Heart failure mortality rates are moving in the wrong direction, a new analysis reports, reversing a decline in deaths that means more people in the United States are dying of the condition today than 25 years ago. The concerning conclusion comes as newer medications are raising hopes for better outcomes in the years to come.

A research letter published Wednesday in JAMA Cardiology tracked U.S. Death certificate data from 1999 through 2021, revealing a steady drop in deaths until 2012, when rates plateaued, then began to rise steadily, and accelerated upward once the Covid-19 pandemic arrived. Disparities between men and women and among racial and ethnic groups moved up almost in lockstep, but there was one glaring exception: age. 
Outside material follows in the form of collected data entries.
Lemma rel_HplusE u : rel_Hplus N u <-> row_disjoint N u /\ row_disjoint N (transp u).
Proof.
  split.
  - intro H. split; intros i j k Hi Hj Hk Hjk; apply (H i j k); assumption.
  - intros [Hr Hc] i j k Hi Hj Hk Hjk. split; [apply Hr | apply (Hc i j k)]; assumption.
Qed.

Lemma orth_sa_transp u : orth_sa N u -> orth_sa N (transp u).
Proof.
  intros [Hsa [Hr Hc]]. split; [| split]; unfold transp.
  - intros i j Hi Hj. apply Hsa; assumption.
  - exact Hc.
  - exact Hr.
Qed.

Lemma rel_O_transp u : rel_O N u -> rel_O N (transp u).
Proof. intros H i j k l Hi Hj Hk Hl. apply H; assumption. Qed.

Lemma rel_Ostar_transp u : rel_Ostar N u -> rel_Ostar N (transp u).
Proof. intros H i1 j1 i2 j2 i3 j3 H1 H2 H3 H4 H5 H6. apply H; assumption. Qed.

Lemma rel_Obar_transp u : rel_Obar N u -> rel_Obar N (transp u).
Proof.
  rewrite !rel_ObarE. intros H i j k l Hi Hj Hk Hl. unfold transp.
  rewrite <- same_line_transp. apply H; assumption.
Qed.

Lemma rel_Obarstar_transp u : rel_Obarstar N u -> rel_Obarstar N (transp u).
Proof.
  intros H i1 j1 i2 j2 i3 j3 H1 H2 H3 H4 H5 H6.
  destruct (H j1 i1 j2 i2 j3 i3 H2 H1 H4 H3 H6 H5) as [Hanti Hcomm].
  split; intro Hc; [apply Hanti | apply Hcomm]; tauto.
Qed.

Lemma rel_Ostar_of_O u : rel_O N u -> rel_Ostar N u.
Proof.
  intros H i1 j1 i2 j2 i3 j3 H1 H2 H3 H4 H5 H6.
  rewrite (H i1 j1 i2 j2), <- cmulA, (H i1 j1 i3 j3), cmulA, (H i2 j2 i3 j3) by assumption.
  reflexivity.
Qed.

Lemma row_disjoint_of_O_Obar u : rel_O N u -> rel_Obar N u -> row_disjoint N u.
Proof.
  rewrite rel_ObarE. intros HO HB i j k Hi Hj Hk Hjk. apply eq_copp_eq0.
  rewrite (HB i j i k) at 1 by assumption.
  rewrite same_line_row, HO by assumption. reflexivity.
Qed.

Lemma rel_Hplus_of_O_Obar u : rel_O N u -> rel_Obar N u -> rel_Hplus N u.
Proof.
  intros HO HB. apply rel_HplusE. split; apply row_disjoint_of_O_Obar;
    auto using rel_O_transp, rel_Obar_transp.
Qed.
Lemma vg_incr_of_deriv_nonneg (g : R -> R) :
  (forall v, 0 < v -> 0 < g v) ->
  (forall v, 0 < v -> exists l, derivable_pt_lim g v l /\ 0 <= l) ->
  forall u v, 0 < u -> u < v -> u * g (u ^ 2) < v * g (v ^ 2).
Proof.
  intros Hg_pos Hg_mono.
  assert (Hg' : forall v, 0 < v -> is_derive g v (Derive g v) /\ 0 <= Derive g v).
  { intros v Hv; destruct (Hg_mono v Hv) as [l [Hl Hl0]].
    rewrite <- is_derive_Reals in Hl; now rewrite (is_derive_unique _ _ _ Hl). }
  apply (incr_of_deriv_pos _ (fun v => g (v ^ 2) + 2 * v ^ 2 * Derive g (v ^ 2)) 0).
  - intros v Hv; apply is_derive_Reals.
    destruct (Hg' (v ^ 2) ltac:(nra)) as [Hd _].
    auto_derive; [now exists (Derive g (v ^ 2)) |].
    change (Derive (fun x => g x)) with (Derive g).
    replace (v * (v * 1)) with (v ^ 2) by ring; ring.
  - intros v Hv.
    assert (Hg := Hg_pos (v ^ 2) ltac:(nra)).
    destruct (Hg' (v ^ 2) ltac:(nra)) as [_ Hd].
    nra.
Qed.

Lemma has_toy_steady_unique (g : R -> R) :
  (forall v, 0 < v -> 0 < g v) ->
  (forall v, 0 < v -> exists l, derivable_pt_lim g v l /\ 0 <= l) ->
  forall b1 b2, has_toy_steady g b1 -> has_toy_steady g b2 -> b1 = b2.
Proof.
  intros Hg_pos Hg_mono.
  assert (vg_incr := vg_incr_of_deriv_nonneg g Hg_pos Hg_mono).
  assert (g_cont : forall v, 0 < v -> continuity_pt g v).
  { intros v Hv; destruct (Hg_mono v Hv) as [l [Hl _]].
    apply derivable_continuous_pt; now exists l. }
  assert (Hprofile : forall b, has_toy_steady g b ->
            exists Rinf P Y, steady_profile g b Rinf P Y).
  { intros b [rho [r tip]].
    pose proof tip as (_ & _ & _ & _ & _ & Rinf & _ & Hr).
    exists Rinf, (profile_P rho r), (profile_Y rho r).
    now apply tip_steady_profile. }
  intros b1 b2 H1 H2.
  destruct (Hprofile b1 H1) as (R1 & P1 & Y1 & S1).
  destruct (Hprofile b2 H2) as (R2 & P2 & Y2 & S2).
  destruct (Rtotal_order b1 b2) as [Hlt | [Heq | Hgt]]; [exfalso | assumption | exfalso].
  - exact (steady_profiles_unique g Hg_pos vg_incr _ _ _ _ _ _ _ _ Hlt S1 S2).
  - exact (steady_profiles_unique g Hg_pos vg_incr _ _ _ _ _ _ _ _ Hgt S2 S1).
Qed.

Lemma subsingleton_closed (A : R -> Prop) : (forall b1 b2, A b1 -> A b2 -> b1 = b2) ->
  forall beta, (forall eps, 0 < eps -> exists b, 0 < b /\ Rabs (b - beta) < eps /\ A b) -> A beta.
Proof.
  intros HA beta Hcl.
  destruct (Hcl 1 ltac:(lra)) as [b1 [_ [_ A1]]].
  destruct (Req_dec b1 beta) as [<- | Hne]; [assumption | exfalso].
  destruct (Hcl _ (Rabs_pos_lt (b1 - beta) ltac:(lra))) as [b2 [_ [Hd A2]]].
  rewrite (HA b2 b1 A2 A1) in Hd; lra.
Qed.

Lemma subsingleton_empty_interior (A : R -> Prop) : (forall b1 b2, A b1 -> A b2 -> b1 = b2) ->
  forall beta eps, 0 < beta -> 0 < eps -> exists b, 0 < b /\ Rabs (b - beta) < eps /\ ~ A b.
Proof.
  intros HA beta eps Hbeta Heps.
  destruct (classic (A (beta + eps / 3))) as [A1 | N1].
  - exists (beta + 2 * eps / 3); repeat split; [lra | rewrite Rabs_right; lra |].
    intros A2; generalize (HA _ _ A1 A2); lra.
  - exists (beta + eps / 3); repeat split; [lra | rewrite Rabs_right; lra | assumption].
Qed.

Theorem theorem3p2 (g : R -> R)
  (Hg_an : analytic g)
  (Hg_pos : forall v, 0 < v -> 0 < g v)
  (Hg_mono : forall v, 0 < v -> exists l, derivable_pt_lim g v l /\ 0 <= l)
  (Hg_conv : exists d1 : R -> R,
      (forall v, derivable_pt_lim (fun w => w ^ 2 * g (w ^ 2)) v (d1 v)) /\
      (forall v, 0 < v -> exists l, derivable_pt_lim d1 v l /\ 0 < l))
  (Hg_lim : lim_infty_infty (fun v => v * g (v ^ 2))) :
  (* closed in R_{>0} *)
  (forall beta, 0 < beta ->
     (forall eps, 0 < eps -> exists b, 0 < b /\ Rabs (b - beta) < eps /\ has_toy_steady g b) ->
     has_toy_steady g beta) /\
  (* empty interior *)
  (forall beta eps, 0 < beta -> 0 < eps ->
     exists b, 0 < b /\ Rabs (b - beta) < eps /\ ~ has_toy_steady g b).
Proof.
  assert (U := has_toy_steady_unique g Hg_pos Hg_mono).
  split.
  - intros beta _; exact (subsingleton_closed _ U beta).
  - exact (subsingleton_empty_interior _ U).
Qed.
(* Let $\mathcal M$ be a rank 3 acyclic oriented matroid with chirotope $\chi:E^3\to\{-1,0,1\}$ on $E=X\sqcup\{\omega\}$, where $\omega$ is not a coloop and is neither parallel nor antiparallel to any other element. Suppose there are distinct positive cocircuits $A,B$ of $\mathcal M$, neither containing $\omega$, such that $\chi(\omega,a,b)=1$ for all $a\in A\setminus B$ and $b\in B\setminus A$. Suppose $\mathcal M$ has a realization, i.e. vectors $\mathbf v_e=(x_e,y_e,z_e)^T\in\mathbb{R}^3$, $e\in E$, with $\chi(e,f,g)=\operatorname{sign}\det(\mathbf v_e,\mathbf v_f,\mathbf v_g)$ for all $e,f,g\in E$. Then a realization $(\mathbf v_e)_{e\in E}$ of $\mathcal M$ can be chosen such that: (1) $\mathbf v_\omega=(0,0,1)^T$; (2) $x_a^2+y_a^2=1$ for all $a\in X$; (3)–(5) there are $\theta_a\in(0,180)$ (degrees) with $x_a=-\cos\theta_a$ and $y_a=-\sin\theta_a$ for each $a\in X$; (6) $z_a>0$ for each $a\in X$; (7) putting $r_a=z_a>0$, for all $a,b,c\in X$ with $\theta_a<\theta_b<\theta_c$ one has $r_a\sin(\theta_c-\theta_b)-r_b\sin(\theta_c-\theta_a)+r_c\sin(\theta_b-\theta_a)=0$, $>0$, or $<0$ according as $\chi(a,b,c)$ is $0$, $1$, or $-1$; (8) $(r_a,\theta_a)_{a\in X}$ are polar coordinates for the realization, i.e. the line with homogeneous coordinates $\mathbf v_a$ is $\{(p,q):p\cos\theta_a+q\sin\theta_a=r_a\}$.
   Context: Standard oriented matroid terminology (chirotope, acyclic, cocircuit, coloop, parallel elements, realization) is used. Angles are in degrees. *)

From Stdlib Require Import Reals ZArith.
From mathcomp Require Import ssreflect ssrbool eqtype fintype.

Set Implicit Arguments.
Unset Strict Implicit.

Record vec3 := V3 { vx : R; vy : R; vz : R }.

Definition det3 (u v w : vec3) : R :=
  (vx u * (vy v * vz w - vz v * vy w)
 - vx v * (vy u * vz w - vz u * vy w)
 + vx w * (vy u * vz v - vz u * vy v))%R.

Definition sgnR (x : R) : Z :=
  match Rlt_dec 0 x with
  | left _ => 1%Z
  | right _ => match Rlt_dec x 0 with left _ => (-1)%Z | right _ => 0%Z end
  end.

Definition deg (t : R) : R := (t * PI / 180)%R.

Section OM.
Variable E : Type.
Variable chi : E -> E -> E -> Z.

Definition realizes (v : E -> vec3) : Prop :=
  forall e f g, chi e f g = sgnR (det3 (v e) (v f) (v g)).

Definition is_sign_vector (X : E -> Z) : Prop :=
  forall e, X e = 0%Z \/ X e = 1%Z \/ X e = (-1)%Z.

(* Cocircuits of a rank-3 oriented matroid given by its chirotope:
   C = s * chi(., f, g) for s = +-1 and f, g such that chi(., f, g) <> 0. *)
Definition cocircuit (C : E -> Z) : Prop :=
  exists f g s, (s = 1%Z \/ s = (-1)%Z) /\ (exists e, chi e f g <> 0%Z) /\
    forall e, C e = (s * chi e f g)%Z.

Definition pos_cocircuit (C : E -> Z) : Prop :=
  cocircuit C /\ forall e, (0 <= C e)%Z.

Definition orth (X Y : E -> Z) : Prop :=
  (forall e, (X e * Y e)%Z = 0%Z) \/
  ((exists e, (X e * Y e > 0)%Z) /\ (exists f, (X f * Y f < 0)%Z)).

(* vectors of the oriented matroid = sign vectors orthogonal to all cocircuits;
   circuits = nonzero vectors of minimal support *)
Definition om_vector (X : E -> Z) : Prop :=
  is_sign_vector X /\ forall D, cocircuit D -> orth X D.

Definition circuit (C : E -> Z) : Prop :=
  om_vector C /\ (exists e, C e <> 0%Z) /\
  forall D, om_vector D -> (exists e, D e <> 0%Z) ->
    (forall e, D e <> 0%Z -> C e <> 0%Z) -> (forall e, C e <> 0%Z -> D e <> 0%Z).

Definition acyclic : Prop :=
  ~ exists C, circuit C /\ forall e, (0 <= C e)%Z.

(* bases = triples with chi <> 0; a coloop lies in every basis *)
Definition coloop (w : E) : Prop :=
  forall a b c, chi a b c <> 0%Z -> w = a \/ w = b \/ w = c.

Definition parallel (e f : E) : Prop :=
  e <> f /\ exists C, circuit C /\ C e = 1%Z /\ C f = (-1)%Z /\
    forall g, g <> e -> g <> f -> C g = 0%Z.

Definition antiparallel (e f : E) : Prop :=
  e <> f /\ exists C, circuit C /\ C e = 1%Z /\ C f = 1%Z /\
    forall g, g <> e -> g <> f -> C g = 0%Z.

End OM.

(* the line {(p,q) : x p + y q + z = 0} with homogeneous coordinates (x,y,z) *)
Definition on_line (v : vec3) (p q : R) : Prop :=
  (vx v * p + vy v * q + vz v = 0)%R.

From Stdlib Require Import Reals ZArith Lra Lia Psatz Classical FunctionalExtensionality IndefiniteDescription.
From mathcomp Require Import ssreflect ssrbool eqtype fintype seq.
Open Scope R_scope.
Set Implicit Arguments.

(* Every realized cocircuit is the sign pattern of a linear form.  The positive cocircuits
   A and B give forms c_A, c_B that vanish at v_ω and are nonnegative everywhere; their sum
   c_1 is positive at every v_a, a ∈ X, for otherwise v_a and v_ω would both be orthogonal
   to c_A and c_B, hence proportional (c_A × c_B ≠ 0 because A ≠ B), making a parallel or
   antiparallel to ω.  For small t > 0 the form c_0 = c_1 + t v_ω is still positive on X,
   and the map v ↦ (⟨v_ω × c_1, v⟩, −⟨c_1, v⟩, ⟨c_0, v⟩) has determinant t |v_ω|² |c_1|² > 0,
   so it preserves the chirotope; it sends v_ω onto the positive z-axis and every v_a into
   {y < 0, z > 0}.  Rescaling each vector by a positive factor gives v_ω = e_3 and
   x_a² + y_a² = 1, hence angles θ_a ∈ (0°, 180°), and in these coordinates det(v_a, v_b, v_c)
   is the trigonometric expression of (7). *)

Definition dot (u v : vec3) : R := vx u * vx v + vy u * vy v + vz u * vz v.
Definition cross (u v : vec3) : vec3 :=
  V3 (vy u * vz v - vz u * vy v) (vz u * vx v - vx u * vz v) (vx u * vy v - vy u * vx v).
Definition scal (k : R) (u : vec3) : vec3 := V3 (k * vx u) (k * vy u) (k * vz u).
Definition addv (u v : vec3) : vec3 := V3 (vx u + vx v) (vy u + vy v) (vz u + vz v).

Definition apply3 (r1 r2 r3 u : vec3) : vec3 := V3 (dot r1 u) (dot r2 u) (dot r3 u).

Lemma dotC u w : dot u w = dot w u.
Proof. unfold dot; ring. Qed.

Lemma dot0l u : dot (V3 0 0 0) u = 0.
Proof. unfold dot; simpl; ring. Qed.

Lemma dotDl c d u : dot (addv c d) u = dot c u + dot d u.
Proof. unfold dot, addv; simpl; ring. Qed.

Lemma dotZl k c u : dot (scal k c) u = k * dot c u.
Proof. unfold dot, scal; simpl; ring. Qed.

Lemma dotZr k c u : dot c (scal k u) = k * dot c u.
Proof. unfold dot, scal; simpl; ring. Qed.

Lemma dot_cross_self u c : dot (cross u c) u = 0.
Proof. unfold dot, cross; simpl; ring. Qed.

Lemma dot_self_gt0 u : u <> V3 0 0 0 -> 0 < dot u u.
Proof.
  destruct u as [a b c]; unfold dot; simpl; intro Hu.
  destruct (Req_dec a 0), (Req_dec b 0), (Req_dec c 0); subst; try nra.
  now destruct Hu.
Qed.

Lemma scal_eq0 k u : k <> 0 -> scal k u = V3 0 0 0 -> u = V3 0 0 0.
Proof.
  destruct u as [a b c]; unfold scal; simpl; intros Hk H; injection H; intros.
  f_equal; apply (Rmult_eq_reg_l k); lra.
Qed.

Lemma scalA a b u : scal a (scal b u) = scal (a * b) u.
Proof. unfold scal; simpl; f_equal; ring. Qed.

Lemma scal_inj k u w : k <> 0 -> scal k u = scal k w -> u = w.
Proof.
  destruct u, w; unfold scal; simpl; intros Hk H; injection H; intros.
  f_equal; apply (Rmult_eq_reg_l k); lra.
Qed.

Lemma det3_dot p q r : det3 p q r = dot p (cross q r).
Proof. destruct p, q, r; unfold det3, dot, cross; simpl; ring. Qed.

Lemma det3_same u : det3 u u u = 0.
Proof. destruct u; unfold det3; simpl; ring. Qed.

Lemma det3_scal k1 k2 k3 u1 u2 u3 :
  det3 (scal k1 u1) (scal k2 u2) (scal k3 u3) = k1 * k2 * k3 * det3 u1 u2 u3.
Proof. destruct u1, u2, u3; unfold det3, scal; simpl; ring. Qed.

Lemma det3_apply3 r1 r2 r3 u1 u2 u3 :
  det3 (apply3 r1 r2 r3 u1) (apply3 r1 r2 r3 u2) (apply3 r1 r2 r3 u3) =
  det3 r1 r2 r3 * det3 u1 u2 u3.
Proof. destruct r1, r2, r3, u1, u2, u3; unfold apply3, det3, dot; simpl; ring. Qed.

Lemma cramer e p q r :
  scal (det3 p q r) e =
  addv (addv (scal (det3 e q r) p) (scal (det3 e r p) q)) (scal (det3 e p q) r).
Proof. destruct e, p, q, r; unfold scal, addv, det3; simpl; f_equal; ring. Qed.

Lemma cross_perp_scal cA cB x : dot cA x = 0 -> dot cB x = 0 ->
  scal (dot (cross cA cB) (cross cA cB)) x = scal (dot x (cross cA cB)) (cross cA cB).
Proof.
  intros HA HB.
  assert (Hid : scal (dot (cross cA cB) (cross cA cB)) x =
    addv (scal (dot x (cross cA cB)) (cross cA cB))
         (addv (scal (dot cB x) (cross (cross cA cB) cA))
               (scal (- dot cA x) (cross (cross cA cB) cB)))).
  { destruct cA, cB, x; unfold scal, addv, dot, cross; simpl; f_equal; ring. }
  rewrite Hid HA HB; unfold scal, addv; simpl; f_equal; ring.
Qed.

Lemma det3_frame u c t : dot u c = 0 ->
  det3 (cross u c) (scal (-1) c) (addv c (scal t u)) = t * (dot u u * dot c c).
Proof.
  intro Huc.
  transitivity (t * (dot u u * dot c c - dot u c ^ 2)).
  - destruct u, c; unfold det3, dot, cross, scal, addv; simpl; ring.
  - rewrite Huc; ring.
Qed.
The death rate for people under 45 spiked 906% between 1999 and 2021, compared to increases of 364% for people 45 to 64 years old and 84% for those 65 and older. 

"If we are moving the obesity crisis, the liver crisis, and the diabetes crisis in the United States to younger ages, which is exactly what has been going on in the last decade, that is the result of what we are observing right now: shifting the heart failure incidence curve to a younger age group," said the paper's senior author, Marat Fudim. He is the medical director for the Heart Failure Research Unit and Heart Failure Remote Monitoring at Duke University Medical Center. "Many of the gains, and the acceleration, would actually be attributed to the young individuals with that age under 45."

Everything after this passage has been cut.